Please retype the line that contains "move: eqX; rewrite" and all lines that follow it to the end of the entries below, exactly as they stand, with nothing added.

PROVIDED MATERIAL:
╭──
Lemma leq_sum_except1 (T : eqType) (s : seq T) (a : T) (F : T -> nat) X Y :
  uniq s -> a \in s -> (forall x, x \in s -> F x <= if x == a then X else Y) ->
  \sum_(x <- s) F x <= X + size s * Y.
Proof.
move=> s_uniq s_a leF; rewrite (bigD1_seq a) //=.
apply: leq_add; first by have := leF a s_a; rewrite eqxx.
rewrite big_seq_cond; apply: leq_trans (_ : _ <= \sum_(x <- s | (x \in s) && (x != a)) Y) _.
  by apply: leq_sum => x /andP[s_x /negPf neq_xa]; have := leF x s_x; rewrite neq_xa.
by rewrite big_const_seq iter_addn_0 mulnC leq_mul2r count_size orbT.
Qed.

Import Order.TTheory GRing.Theory Num.Theory.
Local Open Scope ring_scope.

Section PowerDifferences.

Variable R : realDomainType.
Implicit Types x y u v h : R.

Lemma ler_exprD_shift m x y h : 0 <= x -> x <= y -> 0 <= h ->
  (x + h) ^+ m + y ^+ m <= (y + h) ^+ m + x ^+ m.
Proof.
move=> x_ge0 le_xy h_ge0; elim: m => [|m IHm]; first by rewrite !expr0.
rewrite !exprS.
set a := (x + h) ^+ m in IHm *; set b := y ^+ m in IHm *.
set c := (y + h) ^+ m in IHm *; set d := x ^+ m in IHm *.
have le_da : d <= a by apply: lerXn2r; rewrite ?nnegrE; lra.
have le_db : d <= b by apply: lerXn2r; rewrite ?nnegrE; lra.
have : 0 <= (y + h) * (c + d - a - b) by apply: mulr_ge0; lra.
have : 0 <= (y - x) * (a - d) by apply: mulr_ge0; lra.
have : 0 <= h * (b - d) by apply: mulr_ge0; lra.
nra.
Qed.

Lemma ltr_exprD_shift m x y h : (1 < m)%N -> 0 <= x -> x < y -> 0 < h ->
  (x + h) ^+ m + y ^+ m < (y + h) ^+ m + x ^+ m.
Proof.
case: m => [|[|m]] // _ x_ge0 lt_xy h_gt0.
have IHm := ler_exprD_shift m.+1 x_ge0 (ltW lt_xy) (ltW h_gt0).
rewrite !(exprS _ m.+1).
set a := (x + h) ^+ m.+1 in IHm *; set b := y ^+ m.+1 in IHm *.
set c := (y + h) ^+ m.+1 in IHm *; set d := x ^+ m.+1 in IHm *.
have lt_da : d < a by rewrite ltrXn2r //; lra.
have le_db : d <= b by apply: lerXn2r; rewrite ?nnegrE; lra.
have : 0 <= (y + h) * (c + d - a - b) by apply: mulr_ge0; lra.
have : 0 < (y - x) * (a - d) by apply: mulr_gt0; lra.
have : 0 <= h * (b - d) by apply: mulr_ge0; lra.
nra.
Qed.

(* For a fixed gap [d > 0], [u |-> (u + d) ^+ m - u ^+ m] is strictly increasing
   on nonnegative [u] by [ltr_exprD_shift]. *)
Lemma eq_subrXX_dist m u v u' v' : (1 < m)%N ->
  0 <= u -> 0 <= v -> 0 <= u' -> 0 <= v' -> u != v ->
  u ^+ m - v ^+ m = u' ^+ m - v' ^+ m -> `|u - v| = `|u' - v'| -> u = u' /\ v = v'.
Proof.
move=> m_gt1; wlog lt_uv : u v u' v' / u < v.
  move=> wlog_lt u_ge0 v_ge0 u'_ge0 v'_ge0 neq_uv eqX eq_dist.
  have [lt_uv | lt_vu | eq_uv] := ltrgtP u v; first exact: wlog_lt.
  - have [] // := wlog_lt v u v' u' lt_vu; rewrite 1?eq_sym 1?distrC 1?[`|_ - u'|]distrC //.
    by apply: oppr_inj; rewrite !opprB.
  - by rewrite eq_uv eqxx in neq_uv.
move=> u_ge0 v_ge0 u'_ge0 v'_ge0 _ eqX eq_dist.
have lt_u'v' : u' < v'.
  rewrite ltNge; apply/negP => le_v'u'.
  have : v' ^+ m <= u' ^+ m by apply: lerXn2r; rewrite ?nnegrE.
  have : u ^+ m < v ^+ m by rewrite ltrXn2r // -lt0n ltnW.
  lra.
rewrite distrC gtr0_norm ?subr_gt0 // distrC gtr0_norm ?subr_gt0 // in eq_dist.
set d := v - u in eq_dist.
have def_v : v = u + d by rewrite /d; ring.
have def_v' : v' = u' + d by rewrite eq_dist; ring.
have d_gt0 : 0 < d by rewrite /d subr_gt0.
suff eq_uu' : u = u' by split=> //; rewrite def_v def_v' eq_uu'.
have [lt_uu' | lt_u'u | //] := ltrgtP u u'.
- by have := ltr_exprD_shift m_gt1 u_ge0 lt_uu' d_gt0; rewrite -def_v -def_v'; lra.
- by have := ltr_exprD_shift m_gt1 u'_ge0 lt_u'u d_gt0; rewrite -def_v -def_v'; lra.
Qed.

Lemma exprn_even_norm m x : ~~ odd m -> x ^+ m = `|x| ^+ m.
Proof. by move=> m_even; rewrite -normrX ger0_norm // exprn_even_ge0. Qed.

Lemma sign_norm_inj x y : (x < 0) = (y < 0) -> `|x| = `|y| -> x = y.
Proof.
case: (ltrP x 0) => x0; case: (ltrP y 0) => y0 //= _.
- by rewrite !ltr0_norm // => /oppr_inj.
- by rewrite !ger0_norm.
Qed.

Lemma exprn_odd_inj m x y : odd m -> x ^+ m = y ^+ m -> x = y.
Proof.
move=> m_odd eqX; have m_gt0 : (0 < m)%N by case: m m_odd eqX.
have : `|x| == `|y| by rewrite -(eqrXn2 m_gt0) ?normr_ge0 // -!normrX eqX.
rewrite eqr_norm2 => /orP[/eqP // | /eqP def_x].
move: eqX; rewrite def_x exprNn -signr_odd m_odd expr1 mulN1r => eqX.
have /eqP : y ^+ m = 0 by lra.
by rewrite expf_eq0 => /andP[_ /eqP ->]; rewrite oppr0.
Qed.

Lemma count_exprn_even_eq (s : seq R) m y : uniq s -> (0 < m)%N -> ~~ odd m ->
  (count (fun x => x ^+ m == y ^+ m) s <= 2)%N.
Proof.
move=> s_uniq m_gt0 m_even.
apply: leq_trans (sub_count (a2 := predU (pred1 y) (pred1 (- y))) _ s) _.
  move=> x /=; rewrite (exprn_even_norm x m_even) (exprn_even_norm y m_even).
  by rewrite eqrXn2 ?normr_ge0 // eqr_norm2.
rewrite -(leq_add2r (count (predI (pred1 y) (pred1 (- y))) s)) count_predUI.
have count_y (z : R) : (count (pred1 z) s <= 1)%N by rewrite count_uniq_mem // leq_b1.
exact: leq_trans (leq_add (count_y y) (count_y (- y))) (leq_addr _ _).
Qed.

End PowerDifferences.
╰──
ANSWER FOR THE TASK:
move: eqX; rewrite def_x exprNn -signr_odd m_odd expr1 mulN1r => eqX.
have /eqP : y ^+ m = 0 by lra.
by rewrite expf_eq0 => /andP[_ /eqP ->]; rewrite oppr0.
Qed.

Lemma count_exprn_even_eq (s : seq R) m y : uniq s -> (0 < m)%N -> ~~ odd m ->
  (count (fun x => x ^+ m == y ^+ m) s <= 2)%N.
Proof.
move=> s_uniq m_gt0 m_even.
apply: leq_trans (sub_count (a2 := predU (pred1 y) (pred1 (- y))) _ s) _.
  move=> x /=; rewrite (exprn_even_norm x m_even) (exprn_even_norm y m_even).
  by rewrite eqrXn2 ?normr_ge0 // eqr_norm2.
rewrite -(leq_add2r (count (predI (pred1 y) (pred1 (- y))) s)) count_predUI.
have count_y (z : R) : (count (pred1 z) s <= 1)%N by rewrite count_uniq_mem // leq_b1.
exact: leq_trans (leq_add (count_y y) (count_y (- y))) (leq_addr _ _).
Qed.

End PowerDifferences.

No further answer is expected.